La plante originaire
Ernst Jünger s'inscrit ici dans une tradition qui remonte à Goethe. Ce grand poète fut aussi un biologiste en rupture aussi bien avec la science de son époque, déjà mécaniste, qu'avec la tradition finaliste. Au lieu de réduire la vie à ses éléments pour établir ensuite les lois de sa croissance, Goethe part des formes achevées de la vie - les fleurs dans le cas des plantes - et mettant à profit une intuition englobant la matière et l'esprit, il parvient après de nombreuses études comparées à entrevoir la Urpflanz, la plante originaire, c'est-à-dire la forme spirituelle qui est à l'origine de la totalité des plantes. Goethe aurait-il ainsi eu à la fois l'intuition que le génome est une forme, une structure, donc une réalité spirituelle - et celle de l'évolution des plantes à partir d'une souche commune? Pour Goethe, tout était oeuvre d'art. À ses yeux, un même principe créateur, la vie, était à l'oeuvre dans les plantes, les animaux, et les auteurs de tragédie ou de symphonie. Goethe a lui même parfaitement résumé sa vision du monde et de la vie, quand il a dit à propos de la musique de Mozart: que Dieu, après avoir créé le monde, avait dû éprouver la joie de celui qui écoute la musique de Mozart.

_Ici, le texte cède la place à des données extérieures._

(* Let $b\geq 2$ be fixed. For all $\beta\in\mathbb{R}$ with $\beta\notin\mathbb{Z}$ and all $N\geq 2$, \[ \left|\sum_{\substack{1\le m\leq N\\ (\overleftarrow{m},b)=1}}e(m\beta)\right|\ll_b\frac{\log N}{\|\beta\|}. \]
   Context: For a positive integer $n$ with $L$ digits in base $b$, $n=\sum_{0\leq i<L}\varepsilon_i(n)b^i$ ($\varepsilon_i(n)\in\{0,\dots,b-1\}$, $\varepsilon_{L-1}(n)\neq0$), its digital reverse is $\overleftarrow{n}=\sum_{0\leq i<L}\varepsilon_i(n)b^{L-1-i}$. $e(x)=\exp(2\pi ix)$ and $\|x\|=\min_{n\in\mathbb{Z}}|x-n|$. *)

From Stdlib Require Import Reals Lra Lia Arith.
Open Scope R_scope.

(* Digital reversal in base b, by the accumulator recursion
   rev_acc n acc = (reverse digits of n appended to acc); fuel >= n suffices. *)
Fixpoint rev_acc (b fuel n acc : nat) : nat :=
  match fuel with
  | O => acc
  | S f => if Nat.eqb n 0 then acc
           else rev_acc b f (Nat.div n b) (acc * b + Nat.modulo n b)%nat
  end.

Definition digrev (b n : nat) : nat := rev_acc b n n 0%nat.

Definition dist_Z (x : R) : R := Rmin (frac_part x) (1 - frac_part x).

Definition cond (b m : nat) : bool := Nat.eqb (Nat.gcd (digrev b m) b) 1.

(* real and imaginary parts of  sum_{1<=m<=N, (rev m, b)=1} e(m beta),
   e(x) = exp(2 pi i x) = cos(2 pi x) + i sin(2 pi x) *)
Definition Ssum_re (b : nat) (beta : R) (N : nat) : R :=
  sum_f_R0 (fun k => if cond b (S k) then cos (2 * PI * INR (S k) * beta) else 0)
           (N - 1).
Definition Ssum_im (b : nat) (beta : R) (N : nat) : R :=
  sum_f_R0 (fun k => if cond b (S k) then sin (2 * PI * INR (S k) * beta) else 0)
           (N - 1).

Definition Ssum_abs (b : nat) (beta : R) (N : nat) : R :=
  sqrt (Ssum_re b beta N ^ 2 + Ssum_im b beta N ^ 2).

From Stdlib Require Import Reals Lra Lia.
From Coquelicot Require Import Complex.
Open Scope R_scope.

(* The last digit of the reverse of m is the leading digit of m, so the
   condition (rev m, b) = 1 depends only on the leading digit of m and changes
   value O(b log N) times on [0, N].  Writing e(m beta) = F m - F (m - 1) with
   F m = e((m + 1/2) beta) / (2 i sin (pi beta)), partial summation bounds the
   sum by (number of changes + 1) |F| = O(b log N) / |sin (pi beta)|, and
   |sin (pi beta)| >= ||beta|| / 2. *)

Section DigitalReverse.

Variable b : nat.
Hypothesis hb : (2 <= b)%nat.

Lemma rev_acc_0 f acc : rev_acc b f 0 acc = acc.
Proof. destruct f; reflexivity. Qed.

Lemma rev_acc_fuel f1 f2 n acc :
  (n <= f1)%nat -> (n <= f2)%nat -> rev_acc b f1 n acc = rev_acc b f2 n acc.
Proof.
  revert f2 n acc; induction f1 as [|f1 IH]; intros f2 n acc H1 H2.
  - replace n with 0%nat by lia. now rewrite !rev_acc_0.
  - destruct f2 as [|f2]; [replace n with 0%nat by lia; reflexivity|].
    simpl. destruct (Nat.eqb_spec n 0); [reflexivity|].
    assert (Nat.div n b < n)%nat by (apply Nat.div_lt; lia).
    apply IH; lia.
Qed.

(* rev_acc b f n acc = acc * b ^ L + digrev b n, where n has L >= 1 digits. *)
Lemma rev_acc_mod_acc f n acc acc' :
  (1 <= n <= f)%nat ->
  Nat.modulo (rev_acc b f n acc) b = Nat.modulo (rev_acc b f n acc') b.
Proof.
  revert n acc acc'; induction f as [|f IH]; intros n acc acc' Hn; [lia|].
  simpl. destruct (Nat.eqb_spec n 0); [lia|].
  assert (Nat.div n b < n)%nat by (apply Nat.div_lt; lia).
  destruct (Nat.eq_dec (Nat.div n b) 0) as [Hq|Hq].
  - rewrite Hq, !rev_acc_0, (Nat.add_comm (acc * b)), (Nat.add_comm (acc' * b)).
    now rewrite !Nat.Div0.mod_add.
  - apply IH; lia.
Qed.

Lemma digrev_mod_div m :
  (b <= m)%nat -> Nat.modulo (digrev b m) b = Nat.modulo (digrev b (Nat.div m b)) b.
Proof.
  intros Hm. unfold digrev.
  assert (Hq : (1 <= Nat.div m b < m)%nat).
  { split; [|apply Nat.div_lt; lia].
    rewrite <- (Nat.div_same b) by lia. now apply Nat.Div0.div_le_mono. }
  destruct m as [|m]; [lia|]. cbn [rev_acc Nat.eqb].
  rewrite (rev_acc_mod_acc m _ _ 0) by lia.
  now rewrite (rev_acc_fuel m (Nat.div (S m) b)) by lia.
Qed.

Lemma cond_div m : (b <= m)%nat -> cond b m = cond b (Nat.div m b).
Proof.
  intros Hm. unfold cond.
  rewrite (Nat.gcd_comm (digrev b m)), (Nat.gcd_comm (digrev b (Nat.div m b))).
  now rewrite <- !(Nat.Lcm0.gcd_mod _ b), digrev_mod_div.
Qed.

Lemma cond_0 : cond b 0 = false.
Proof. unfold cond, digrev. simpl. apply Nat.eqb_neq. lia. Qed.

End DigitalReverse.

Fixpoint changes (f : nat -> bool) (n : nat) : nat :=
  match n with
  | O => O
  | S k => (changes f k + if Bool.eqb (f k) (f (S k)) then 0 else 1)%nat
  end.

Lemma changes_le_mono f m n : (m <= n)%nat -> (changes f m <= changes f n)%nat.
Proof. induction 1; simpl; lia. Qed.

Section LeadingDigitInvariant.

Variables (b : nat) (f : nat -> bool).
Hypothesis hb : (2 <= b)%nat.
Hypothesis f_div : forall m, (b <= m)%nat -> f m = f (Nat.div m b).

(* For N >= b, the step N -> N + 1 can change f only if it is the step
   N / b -> N / b + 1. *)
Lemma changes_div_le N : (changes f N <= Nat.min N b + changes f (Nat.div N b))%nat.
Proof.
  induction N as [|N IH]; [simpl; lia|].
  assert (changes f (Nat.div N b) <= changes f (Nat.div (S N) b))%nat
    by (apply changes_le_mono, Nat.Div0.div_le_mono; lia).
  destruct (Nat.lt_ge_cases N b) as [HN|HN]; [cbn [changes]; destruct (Bool.eqb _ _); lia|].
  pose proof (Nat.div_mod_eq N b). pose proof (Nat.mod_upper_bound N b ltac:(lia)).
  set (q := Nat.div N b) in *. set (r := Nat.modulo N b) in *.
  assert (Hf : f N = f q) by (apply f_div; lia).
  cbn [changes]. rewrite Hf, (f_div (S N)) by lia.
  destruct (Nat.eq_dec (S r) b) as [Hr|Hr].
  - assert (Hq : Nat.div (S N) b = S q) by (symmetry; apply (Nat.div_unique _ _ _ 0); lia).
    rewrite Hq in *. cbn [changes] in *. lia.
  - assert (Hq : Nat.div (S N) b = q)
      by (symmetry; apply (Nat.div_unique _ _ _ (S r)); lia).
    rewrite Hq, Bool.eqb_reflx. lia.
Qed.

Lemma changes_lt_pow k N : (N < b ^ k)%nat -> (changes f N <= b * k + 1)%nat.
Proof.
  revert N; induction k as [|k IH]; intros N HN.
  - simpl in HN. replace N with 0%nat by lia. simpl. lia.
  - pose proof (changes_div_le N).
    assert (Hdiv : (Nat.div N b < b ^ k)%nat)
      by (apply Nat.Div0.div_lt_upper_bound; simpl in HN; lia).
    specialize (IH _ Hdiv). lia.
Qed.

Lemma changes_le_log2 N : (1 <= N)%nat ->
  (changes f N <= b * Nat.log2 N + b + 1)%nat.
Proof.
  intros HN. destruct (Nat.log2_spec N) as [_ HN2]; [lia|].
  assert (2 ^ S (Nat.log2 N) <= b ^ S (Nat.log2 N))%nat
    by (apply Nat.pow_le_mono_l; lia).
  pose proof (changes_lt_pow (S (Nat.log2 N)) N ltac:(lia)). lia.
Qed.

End LeadingDigitInvariant.

Lemma ln_ge_log2_mul_ln2 n : (1 <= n)%nat -> INR (Nat.log2 n) * ln 2 <= ln (INR n).
Proof.
  intros Hn. rewrite <- ln_pow by lra.
  destruct (Nat.log2_spec n) as [Hpow _]; [lia|].
  apply le_INR in Hpow. rewrite pow_INR in Hpow. simpl (INR 2) in Hpow.
  replace (1 + 1) with 2 in Hpow by ring.
  destruct (Rle_lt_or_eq_dec _ _ Hpow) as [Hlt | ->]; [|lra].
  apply Rlt_le, ln_increasing; [apply pow_lt|]; lra.
Qed.

Lemma sin_ge_div3 u : 0 <= u <= PI / 2 -> u / 3 <= sin u.
Proof.
  intros Hu. pose proof PI_4.
  destruct (sin_bound u 0 ltac:(lra) ltac:(lra)) as [Hs _].
  replace (sin_approx u (2 * 0 + 1)) with (u - u * u * u / 6) in Hs
    by (unfold sin_approx, sin_term; simpl; field).
  assert (u * u <= 4) by nra. nra.
Qed.

Lemma Rabs_sin_add_IZR_PI x z : Rabs (sin (x + IZR z * PI)) = Rabs (sin x).
Proof.
  rewrite sin_plus, (sin_eq_0_1 (IZR z * PI)) by now exists z.
  rewrite Rmult_0_r, Rplus_0_r, Rabs_mult, Rtrigo_facts.cos_sin_Rabs.
  rewrite (sin_eq_0_1 (IZR z * PI)) by now exists z.
  rewrite Rsqr_0, Rminus_0_r, sqrt_1. ring.
Qed.

(* With f the fractional part, |sin (pi beta)| = sin (pi f) = sin (pi ||beta||). *)
Lemma dist_Z_bounds beta : (~ exists z : Z, beta = IZR z) ->
  0 < dist_Z beta <= 2 * Rabs (sin (PI * beta)).
Proof.
  intros Hnz. unfold dist_Z. pose proof PI_RGT_0.
  set (f := frac_part beta). destruct (base_fp beta) as [Hf0 Hf1]. fold f in Hf0, Hf1.
  assert (Hbeta : beta = f + IZR (Int_part beta)) by (unfold f, frac_part; ring).
  assert (Hf : f <> 0) by (intros E; apply Hnz; exists (Int_part beta); lra).
  assert (Habs : Rabs (sin (PI * beta)) = sin (PI * f)).
  { rewrite Hbeta, Rmult_plus_distr_l, (Rmult_comm PI (IZR _)), Rabs_sin_add_IZR_PI.
    apply Rabs_right, Rle_ge, sin_ge_0; nra. }
  assert (Hsym : sin (PI * f) = sin (PI * (1 - f))).
  { replace (PI * f) with (PI - PI * (1 - f)) by ring. apply sin_PI_x. }
  pose proof PI2_3_2. rewrite Habs.
  destruct (Rle_dec f (1 / 2)).
  - rewrite Rmin_left by lra.
    pose proof (sin_ge_div3 (PI * f) ltac:(split; nra)). split; nra.
  - rewrite Rmin_right, Hsym by lra.
    pose proof (sin_ge_div3 (PI * (1 - f)) ltac:(split; nra)). split; nra.
Qed.

Fixpoint wsum (g : nat -> bool) (u : nat -> C) (N : nat) : C :=
  match N with
  | O => RtoC 0
  | S n => (wsum g u n + if g (S n) then u (S n) else RtoC 0)%C
  end.

Section PartialSummation.

Variables (g : nat -> bool) (u F : nat -> C) (M : R).
Hypothesis g_0 : g 0%nat = false.
Hypothesis u_antidiff : forall n, u (S n) = (F (S n) - F n)%C.
Hypothesis F_bound : forall n, Cmod (F n) <= M.

Lemma wsum_sub_last N :
  Cmod (wsum g u N - if g N then F N else RtoC 0)%C <= INR (changes g N) * M.
Proof.
  assert (HM : 0 <= M) by (eapply Rle_trans; [apply Cmod_ge_0 | apply (F_bound 0)]).
  induction N as [|n IH].
  - simpl. rewrite g_0, Rmult_0_l.
    replace (RtoC 0 - RtoC 0)%C with (RtoC 0) by ring. rewrite Cmod_0. lra.
  - set (D := ((if g n then F n else RtoC 0) - if g (S n) then F n else RtoC 0)%C).
    assert (HD : Cmod D <= INR (if Bool.eqb (g n) (g (S n)) then 0 else 1) * M).
    { unfold D. destruct (g n), (g (S n)); simpl.
      - replace (F n - F n)%C with (RtoC 0) by ring. rewrite Cmod_0. lra.
      - replace (F n - RtoC 0)%C with (F n) by ring. rewrite Rmult_1_l. apply F_bound.
      - replace (RtoC 0 - F n)%C with (- F n)%C by ring.
        rewrite Cmod_opp, Rmult_1_l. apply F_bound.
      - replace (RtoC 0 - RtoC 0)%C with (RtoC 0) by ring. rewrite Cmod_0. lra. }
    assert (E : (wsum g u (S n) - (if g (S n) then F (S n) else RtoC 0))%C =
                (wsum g u n - (if g n then F n else RtoC 0) + D)%C).
    { unfold D. simpl wsum. rewrite u_antidiff.
      destruct (g n), (g (S n)); ring. }
    rewrite E. eapply Rle_trans; [apply Cmod_triangle|].
    simpl changes. rewrite plus_INR. lra.
Qed.

Lemma Cmod_wsum_le N : Cmod (wsum g u N) <= (INR (changes g N) + 1) * M.
Proof.
  set (last := if g N then F N else RtoC 0).
  replace (wsum g u N) with (wsum g u N - last + last)%C by ring.
  eapply Rle_trans; [apply Cmod_triangle|].
  assert (Cmod last <= M).
  { unfold last. destruct (g N); [apply F_bound|].
    rewrite Cmod_0. eapply Rle_trans; [apply Cmod_ge_0 | apply (F_bound 0)]. }
  pose proof (wsum_sub_last N) as Hsub. fold last in Hsub. lra.
Qed.

End PartialSummation.

Definition expC (x : R) : C := (cos (2 * PI * x), sin (2 * PI * x)).

(* F m = e((m + 1/2) beta) / (2 i sin (pi beta)), written out in coordinates. *)
Definition expC_antidiff (beta : R) (m : nat) : C :=
  (sin (2 * PI * (INR m + / 2) * beta) / (2 * sin (PI * beta)),
   - cos (2 * PI * (INR m + / 2) * beta) / (2 * sin (PI * beta))).

Lemma expC_antidiffS beta n : sin (PI * beta) <> 0 ->
  expC (INR (S n) * beta) = (expC_antidiff beta (S n) - expC_antidiff beta n)%C.
Proof.
  intros Hs. unfold expC, expC_antidiff. rewrite S_INR.
  set (a := 2 * PI * (INR n * beta + beta)). set (t := PI * beta). fold t in Hs.
  replace (2 * PI * (INR n + 1 + / 2) * beta) with (a + t) by (unfold a, t; field).
  replace (2 * PI * (INR n + / 2) * beta) with (a - t) by (unfold a, t; field).
  replace (2 * PI * ((INR n + 1) * beta)) with a by (unfold a; ring).
  apply injective_projections; simpl;
    rewrite ?sin_plus, ?sin_minus, ?cos_plus, ?cos_minus; field; exact Hs.
Qed.

Lemma Cmod_expC_antidiff beta m : sin (PI * beta) <> 0 ->
  Cmod (expC_antidiff beta m) = / (2 * Rabs (sin (PI * beta))).
Proof.
  intros Hs. unfold Cmod, expC_antidiff; simpl.
  set (x := 2 * PI * (INR m + / 2) * beta).
  assert (Ha : 0 < Rabs (sin (PI * beta))) by now apply Rabs_pos_lt.
  rewrite <- (sqrt_pow2 (/ (2 * Rabs (sin (PI * beta))))) by (apply Rlt_le, Rinv_0_lt_compat; lra).
  f_equal.
  rewrite pow_inv, Rpow_mult_distr, pow2_abs.
  pose proof (sin2_cos2 x) as Hpyth. unfold Rsqr in Hpyth.
  transitivity ((sin x * sin x + cos x * cos x) / (2 ^ 2 * sin (PI * beta) ^ 2));
    [|rewrite Hpyth]; field; exact Hs.
Qed.

Lemma Ssum_abs_wsum b beta N : (1 <= N)%nat ->
  Ssum_abs b beta N = Cmod (wsum (cond b) (fun m => expC (INR m * beta)) N).
Proof.
  intros HN. destruct N as [|n]; [lia|].
  unfold Ssum_abs, Ssum_re, Ssum_im, Cmod. replace (S n - 1)%nat with n by lia.
  set (w := wsum (cond b) (fun m => expC (INR m * beta))).
  enough (E : forall k,
    sum_f_R0 (fun k => if cond b (S k) then cos (2 * PI * INR (S k) * beta) else 0) k
      = fst (w (S k)) /\
    sum_f_R0 (fun k => if cond b (S k) then sin (2 * PI * INR (S k) * beta) else 0) k
      = snd (w (S k))) by (destruct (E n) as [-> ->]; reflexivity).
  induction k as [|k [IHre IHim]]; cbn [sum_f_R0];
    change (w (S ?m)) with (w m + if cond b (S m) then expC (INR (S m) * beta) else RtoC 0)%C;
    [change (w 0%nat) with (RtoC 0) | rewrite IHre, IHim];
    destruct (cond b (S _)); unfold Cplus, expC; cbn [fst snd RtoC]; rewrite ?Rmult_assoc;
    split; ring.
Qed.

Lemma Ssum_abs_le_changes b beta N : (2 <= b)%nat -> sin (PI * beta) <> 0 ->
  (1 <= N)%nat ->
  Ssum_abs b beta N <= (INR (changes (cond b) N) + 1) / (2 * Rabs (sin (PI * beta))).
Proof.
  intros hb Hs HN. rewrite Ssum_abs_wsum by exact HN.
  apply (Cmod_wsum_le _ _ (expC_antidiff beta)).
  - now apply cond_0.
  - intros n. now apply expC_antidiffS.
  - intros n. now rewrite Cmod_expC_antidiff.
Qed.

Theorem lemma4p6 (b : nat) (hb : (2 <= b)%nat) :
  exists C : R, 0 < C /\
    forall (beta : R) (N : nat),
      (~ exists z : Z, beta = IZR z) ->
      (2 <= N)%nat ->
      Ssum_abs b beta N <= C * ln (INR N) / dist_Z beta.
Proof.
  assert (Hln2 : 0 < ln 2) by (rewrite <- ln_1; apply ln_increasing; lra).
  assert (Hb : 2 <= INR b) by (apply (le_INR 2) in hb; simpl in hb; lra).
  exists ((2 * INR b + 2) / ln 2). split; [apply Rdiv_lt_0_compat; lra|].
  intros beta N Hnz HN.
  destruct (dist_Z_bounds beta Hnz) as [Hd Hds].
  assert (Hs : sin (PI * beta) <> 0) by (intros E; rewrite E, Rabs_R0 in Hds; lra).
  assert (HL : 1 <= INR (Nat.log2 N)).
  { apply (le_INR 1). change 1%nat with (Nat.log2 2). now apply Nat.log2_le_mono. }
  assert (Hchanges : INR (changes (cond b) N) + 1 <= (2 * INR b + 2) * INR (Nat.log2 N)).
  { pose proof (changes_le_log2 b (cond b) hb (cond_div b hb) N ltac:(lia)) as H.
    apply le_INR in H. rewrite !plus_INR, mult_INR in H. simpl (INR 1) in H. nra. }
  pose proof (ln_ge_log2_mul_ln2 N ltac:(lia)) as Hlog.
  eapply Rle_trans; [apply Ssum_abs_le_changes; auto; lia|].
  unfold Rdiv. apply Rmult_le_compat.
  - pose proof (pos_INR (changes (cond b) N)). lra.
  - apply Rlt_le, Rinv_0_lt_compat. lra.
  - apply (Rmult_le_reg_r (ln 2)); [lra|]. field_simplify; nra.
  - apply Rinv_le_contravar; lra.
Qed.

À quoi bon les loupes et les microscopes? Les véritables verres grossissants, ce sont les fleurs elles-mêmes. Il nous faut les contempler jusqu'au moment où elles deviennent transparentes, comme des lentilles, et nous verrons alors, derrière elles, au foyer de la gerbe des rayons, une lumière: la splendeur de la semence spirituelle, qui n'a aucune étendue. Telle est la véritable plante originaire. Quand le monde nous semble vaciller sur ses bases, un regard jeté sur une fleur peut rétablir l'ordre.